仁川百合野町を襲った地すべりの土砂は、およそ10万㎥、甲子園球場のグラウンド26杯分に匹敵する量でした。崩れた土砂は住宅地を流れる仁川の対岸の住宅にまで埋めるほどの規模。亡くなった34人の内8人は、川の対岸の住民でした。
この地域は、地震の揺れによる家屋の倒壊はほとんどなかったんです。地すべりの被害を免れた近所の住民たちが、土砂に埋まった人の救助に向かいましたが、土砂の中から火の手も上がって、なすすべもなかったといいます。
当時の様子を、追悼式を主催した住民グループ「ゆりの会」の大野七郎さんと、岩城峯子さんが話してくれました。

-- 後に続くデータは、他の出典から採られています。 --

(* Let $G$ be a graph that has a set of twins $T=\{u_1,\dots,u_r\}$ with $r\ge 3$, and let $G_i=G-u_i$. If $S_i$ is a zero forcing set of $G_i$, then $S_i\cup\{u_i\}$ is a zero forcing set of $G$. If $S$ is a zero forcing set of $G$ with $u_i\in S$, then $S\setminus\{u_i\}$ is a zero forcing set of $G_i$. Consequently $S_i\mapsto S_i\cup\{u_i\}$ is a bijection between the zero forcing sets of $G_i$ and the zero forcing sets of $G$ containing $u_i$, and a zero forcing set $S_i$ of $G_i$ is minimal if and only if $S_i\cup\{u_i\}$ is a minimal zero forcing set of $G$.
   Context: Vertices $u,w$ of $G$ are twins if $N_G(u)=N_G(w)$ (open neighborhoods); a set of twins is a set of vertices any two of which are twins. $G-u$ is the graph obtained by deleting $u$. Zero forcing: starting with a set $S$ of blue vertices, a blue vertex $v$ may turn blue a white vertex $w$ if $w$ is the only white neighbor of $v$; $S$ is a zero forcing set if repeated application colors all vertices blue. Minimal means minimal under inclusion. *)

From mathcomp Require Import all_boot.
Set Implicit Arguments. Unset Strict Implicit. Unset Printing Implicit Defensive.

(* A vertex subset V denotes the
   induced subgraph G[V]; in particular G - u is G[[set: T] :\ u]. *)
Definition simple_graph (T : finType) (e : rel T) : Prop :=
  symmetric e /\ irreflexive e.

Definition nbhd (T : finType) (e : rel T) (x : T) : {set T} := [set y | e x y].

Definition twins (T : finType) (e : rel T) (u w : T) : Prop :=
  nbhd e u = nbhd e w.

Definition twin_set (T : finType) (e : rel T) (A : {set T}) : Prop :=
  forall u w, u \in A -> w \in A -> twins e u w.

Inductive blue (T : finType) (e : rel T) (V S : {set T}) : T -> Prop :=
  | blue_init x : x \in S -> blue e V S x
  | blue_force v w : v \in V -> w \in V -> e v w -> blue e V S v ->
      (forall y, y \in V -> e v y -> y != w -> blue e V S y) ->
      blue e V S w.

Definition zfs (T : finType) (e : rel T) (V S : {set T}) : Prop :=
  S \subset V /\ forall x, x \in V -> blue e V S x.

Definition min_zfs (T : finType) (e : rel T) (V S : {set T}) : Prop :=
  zfs e V S /\ forall S' : {set T}, S' \proper S -> ~ zfs e V S'.

(* Twins are interchangeable: the transposition of two twins is a graph
   automorphism, and a force performed by a twin u can be performed by any
   other blue twin.  A zero forcing set misses at most one vertex of a twin
   class, so with at least three twins every zero forcing set S of G contains
   a twin t <> u; hence S - u forces G - u, with t taking over the forces of
   u.  For minimality, a smaller zero forcing set of G avoiding u contains a
   twin t, and swapping t and u turns it into one containing u, which
   descends to a zero forcing set of G - u strictly inside S_i. *)

From mathcomp Require Import all_boot fingroup perm.
Set Implicit Arguments. Unset Strict Implicit. Unset Printing Implicit Defensive.

Section ProperSetU1D1.
Variable T : finType.
Implicit Types (a : T) (A B : {set T}).

Lemma proper_setU1 a A B : a \notin B -> A \proper B -> a |: A \proper a |: B.
Proof.
move=> aB; rewrite !properEcard => /andP[sAB ltAB].
have aA : a \notin A by apply: contra aB; apply: subsetP.
by rewrite setUS //= !cardsU1 aA aB.
Qed.

Lemma proper_setD1 a A B : a \in A -> A \proper B -> A :\ a \proper B :\ a.
Proof.
move=> aA; rewrite !properEcard => /andP[sAB ltAB].
have aB : a \in B by apply: subsetP aA.
rewrite setSD //=; move: ltAB.
by rewrite (cardsD1 a A) (cardsD1 a B) aA aB.
Qed.

End ProperSetU1D1.

Section Twins.
Variables (T : finType) (e : rel T).
Hypothesis graph_e : simple_graph e.

Lemma edge_twinsl a b z : twins e a b -> e a z = e b z.
Proof.
by move=> tab; have /setP/(_ z) := tab; rewrite !inE.
Qed.

Lemma edge_twinsr a b z : twins e a b -> e z a = e z b.
Proof.
by have [sym_e _] := graph_e; rewrite (sym_e z a) (sym_e z b); apply: edge_twinsl.
Qed.

Lemma tperm_twins_mono a b : twins e a b -> {mono tperm a b : x y / e x y}.
Proof.
have [_ irr_e] := graph_e; move=> tab x y.
by case: tpermP => [->|->|_ _]; case: tpermP => [->|->|_ _];
  rewrite ?irr_e ?(edge_twinsl _ tab) ?(edge_twinsr _ tab).
Qed.

End Twins.

Section Automorphisms.
Variables (T : finType) (e : rel T) (f : {perm T}).
Hypothesis f_mono : {mono f : x y / e x y}.

Lemma blue_perm S x : blue e [set: T] S x -> blue e [set: T] (f @: S) (f x).
Proof.
elim=> [y yS | v w _ _ evw _ IHv _ IHy]; first exact/blue_init/imset_f.
apply: (blue_force (v := f v)) => //; first by rewrite f_mono.
move=> y _ evy yw; rewrite -(permKV f y); apply: IHy => //.
  by rewrite -f_mono permKV.
by apply: contraNneq yw => <-; rewrite permKV.
Qed.

Lemma zfs_perm S : zfs e [set: T] S -> zfs e [set: T] (f @: S).
Proof.
move=> [_ blueS]; split=> [|x _]; first exact: subsetT.
by rewrite -(permKV f x); apply/blue_perm/blueS.
Qed.

End Automorphisms.

Lemma tperm_imset (T : finType) (a b : T) (A : {set T}) :
  a \notin A -> b \in A -> tperm a b @: A = a |: (A :\ b).
Proof.
move=> aA bA; have ab : a != b by apply: contraNneq aA => ->.
apply/setP=> x; rewrite -{1}(tpermK a b x) mem_imset; last exact: perm_inj.
rewrite !inE; case: tpermP => [->|->|/eqP/negbTE xa /eqP xb].
- by rewrite eqxx bA.
- by rewrite (negbTE aA) eqxx eq_sym (negbTE ab).
- by rewrite xa xb.
Qed.

Section Forcing.
Variables (T : finType) (e : rel T).
Hypothesis graph_e : simple_graph e.
Implicit Types (V S : {set T}) (a b u x : T).

Lemma zfs_setD1_notin V S u : zfs e (V :\ u) S -> u \notin S.
Proof. by case=> sSV _; apply: contraTN (eqxx u) => /(subsetP sSV)/setD1P[]. Qed.

Lemma blue_setD1 V S u x : blue e (V :\ u) S x -> blue e V (u |: S) x.
Proof.
elim=> [y yS | v w /setD1P[_ vV] /setD1P[_ wV] evw _ IHv _ IHy].
  exact/blue_init/setU1r.
apply: (blue_force (v := v)) => // y yV evy yw.
have [->|yu] := eqVneq y u; first exact/blue_init/setU11.
by apply: IHy => //; apply/setD1P.
Qed.

Lemma zfs_setU1 V S u : u \in V -> zfs e (V :\ u) S -> zfs e V (u |: S).
Proof.
move=> uV [sSV blueS]; split=> [|x xV].
  by rewrite subUset sub1set uV (subset_trans sSV) ?subsetDl.
have [->|xu] := eqVneq x u; first exact/blue_init/setU11.
by apply/blue_setD1/blueS/setD1P.
Qed.

(* Every force by [a] is replayed in [G[V] - a] by its blue twin [b]. *)
Lemma blue_twin_setD1 V S a b x : a != b -> twins e a b -> b \in V -> b \in S ->
  blue e V S x -> x = a \/ blue e (V :\ a) (S :\ a) x.
Proof.
move=> ab tab bV bS.
elim=> [y yS | v w vV wV evw _ IHv _ IHy].
  have [->|ya] := eqVneq y a; [by left | by right; apply/blue_init/setD1P].
have [->|wa] := eqVneq w a; [by left | right].
have others y : y \in V :\ a -> e v y -> y != w -> blue e (V :\ a) (S :\ a) y.
  by case/setD1P=> ya yV evy yw; case: (IHy y yV evy yw) => // /eqP; rewrite (negbTE ya).
have [va|va] := eqVneq v a.
  subst v; apply: (blue_force (v := b)) => //.
  - by apply/setD1P; rewrite eq_sym.
  - exact/setD1P.
  - by rewrite -(edge_twinsl _ tab).
  - by apply/blue_init/setD1P; rewrite eq_sym.
  - by move=> y yV; rewrite -(edge_twinsl _ tab); apply: others.
apply: (blue_force (v := v)) => //; try exact/setD1P.
by case: IHv => // /eqP; rewrite (negbTE va).
Qed.

Lemma zfs_twin_setD1 V S a b :
  a != b -> twins e a b -> b \in S -> zfs e V S -> zfs e (V :\ a) (S :\ a).
Proof.
move=> ab tab bS [sSV blueS]; split=> [|x /setD1P[xa xV]]; first exact: setSD.
have bV := subsetP sSV b bS.
by case: (blue_twin_setD1 ab tab bV bS (blueS x xV)) => // /eqP; rewrite (negbTE xa).
Qed.

(* Neither twin can be forced first: a vertex adjacent to one of them is
   adjacent to the other, which is still white. *)
Lemma blue_twins_notin V S a b x : a != b -> twins e a b -> a \in V -> b \in V ->
  a \notin S -> b \notin S -> blue e V S x -> x != a /\ x != b.
Proof.
move=> ab tab aV bV aS bS.
elim=> [y yS | v w _ _ evw _ _ _ IHy].
  by split; apply: contraTneq yS => ->.
split; apply/eqP=> wE; subst w.
- have evb : e v b by rewrite -(edge_twinsr graph_e _ tab).
  by case: (IHy b bV evb); rewrite ?eqxx // eq_sym.
- have eva : e v a by rewrite (edge_twinsr graph_e _ tab).
  by case: (IHy a aV eva ab); rewrite eqxx.
Qed.

Lemma zfs_twin_mem V S a b : a != b -> twins e a b -> a \in V -> b \in V ->
  zfs e V S -> (a \in S) || (b \in S).
Proof.
move=> ab tab aV bV [_ blueS]; apply/negPn/negP; rewrite negb_or => /andP[aS bS].
by case: (blue_twins_notin ab tab aV bV aS bS (blueS a aV)); rewrite eqxx.
Qed.

Lemma min_zfs_setU1_inv V S u : u \in V -> zfs e (V :\ u) S ->
  min_zfs e V (u |: S) -> min_zfs e (V :\ u) S.
Proof.
move=> uV zS [_ minUS]; split=> // S' ltS' zS'.
apply: (minUS (u |: S')); last exact: zfs_setU1.
by apply: proper_setU1 => //; apply: zfs_setD1_notin zS.
Qed.

End Forcing.

Section TwinClass.
Variables (T : finType) (e : rel T) (Tw : {set T}) (u : T).
Hypotheses (graph_e : simple_graph e) (twins_Tw : twin_set e Tw).
Hypotheses (Tw_ge3 : 3 <= #|Tw|) (uTw : u \in Tw).

Lemma zfs_other_twin S : zfs e [set: T] S -> exists2 t, t \in Tw :\ u & t \in S.
Proof.
move=> zS; have /card_gt1P[u1 [u2 [u1Tw u2Tw u12]]] : 1 < #|Tw :\ u|.
  by have := Tw_ge3; rewrite (cardsD1 u) uTw.
have [/setD1P[_ u1T] /setD1P[_ u2T]] := (u1Tw, u2Tw).
have := zfs_twin_mem graph_e u12 (twins_Tw u1T u2T) (in_setT _) (in_setT _) zS.
by case/orP; [exists u1 | exists u2].
Qed.

Lemma zfs_setD1_twin S : zfs e [set: T] S -> zfs e ([set: T] :\ u) (S :\ u).
Proof.
move=> zS; have [t /setD1P[tu tTw] tS] := zfs_other_twin zS.
by apply: zfs_twin_setD1 _ (twins_Tw uTw tTw) tS zS; rewrite eq_sym.
Qed.

Lemma min_zfs_setU1 S : min_zfs e ([set: T] :\ u) S -> min_zfs e [set: T] (u |: S).
Proof.
move=> [zS minS]; split=> [|S' ltS' zS']; first exact: zfs_setU1.
have uS := zfs_setD1_notin zS.
have [uS'|uS'] := boolP (u \in S').
  apply: (minS (S' :\ u)); last exact: zfs_setD1_twin.
  by rewrite -(setU1K uS); apply: proper_setD1.
have sS'S : S' \subset S by rewrite -(setU1K uS) subsetD1 (proper_sub ltS') uS'.
have [t /setD1P[tu tTw] tS'] := zfs_other_twin zS'.
have zSwap := zfs_perm (tperm_twins_mono graph_e (twins_Tw uTw tTw)) zS'.
rewrite tperm_imset // in zSwap.
apply: (minS (S' :\ t)); first exact: proper_sub_trans (properD1 tS') sS'S.
have uS't : u \notin S' :\ t by apply: contra uS' => /setD1P[].
by rewrite -(setU1K uS't); apply: zfs_setD1_twin.
Qed.

End TwinClass.

Theorem proposition3p6 (T : finType) (e : rel T) (Tw : {set T}) (u : T) :
  simple_graph e -> twin_set e Tw -> 3 <= #|Tw| -> u \in Tw ->
  let Vu := [set: T] :\ u in
  (* S_i zfs of G - u  ==>  S_i + u zfs of G *)
  (forall Si, zfs e Vu Si -> zfs e [set: T] (u |: Si)) /\
  (* S zfs of G containing u  ==>  S - u zfs of G - u *)
  (forall S, zfs e [set: T] S -> u \in S -> zfs e Vu (S :\ u)) /\
  (* Si |-> Si + u is a bijection from zfs of G - u onto zfs of G containing u *)
  ((forall S1 S2, zfs e Vu S1 -> zfs e Vu S2 -> u |: S1 = u |: S2 -> S1 = S2) /\
   (forall S, zfs e [set: T] S -> u \in S ->
      exists Si, zfs e Vu Si /\ S = u |: Si)) /\
  (* minimality is preserved both ways *)
  (forall Si, zfs e Vu Si -> (min_zfs e Vu Si <-> min_zfs e [set: T] (u |: Si))).
Proof.
move=> graph_e twins_Tw Tw_ge3 uTw Vu.
have zfs_del := zfs_setD1_twin graph_e twins_Tw Tw_ge3 uTw.
split; first by move=> Si; apply: zfs_setU1.
split; first by move=> S zS _; apply: zfs_del.
split; [split|].
- move=> S1 S2 zS1 zS2 eqS.
  by rewrite -(setU1K (zfs_setD1_notin zS1)) -(setU1K (zfs_setD1_notin zS2)) eqS.
- move=> S zS uS; exists (S :\ u).
  by split; [apply: zfs_del | rewrite setD1K].
- move=> Si zSi; split=> [minSi|]; last exact: min_zfs_setU1_inv.
  exact: min_zfs_setU1 graph_e twins_Tw Tw_ge3 uTw _ minSi.
Qed.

音声・大野さん)土砂崩れの下に家が埋まって小さい穴から煙と火が出てたんです。そこに水かけてね。住民が一体化して水を運んだり、「すいません、バケツ一緒に運んでください」って女の人に言われてそれで一緒に走ったんですけど。最初は「助けて」ほしいという声があったらしいんですが、もう聞こえなくなって煙の方が多くなって。川向いも家がつぶれましてね。土掘ったけど、スコップが入らんぐらい固かった。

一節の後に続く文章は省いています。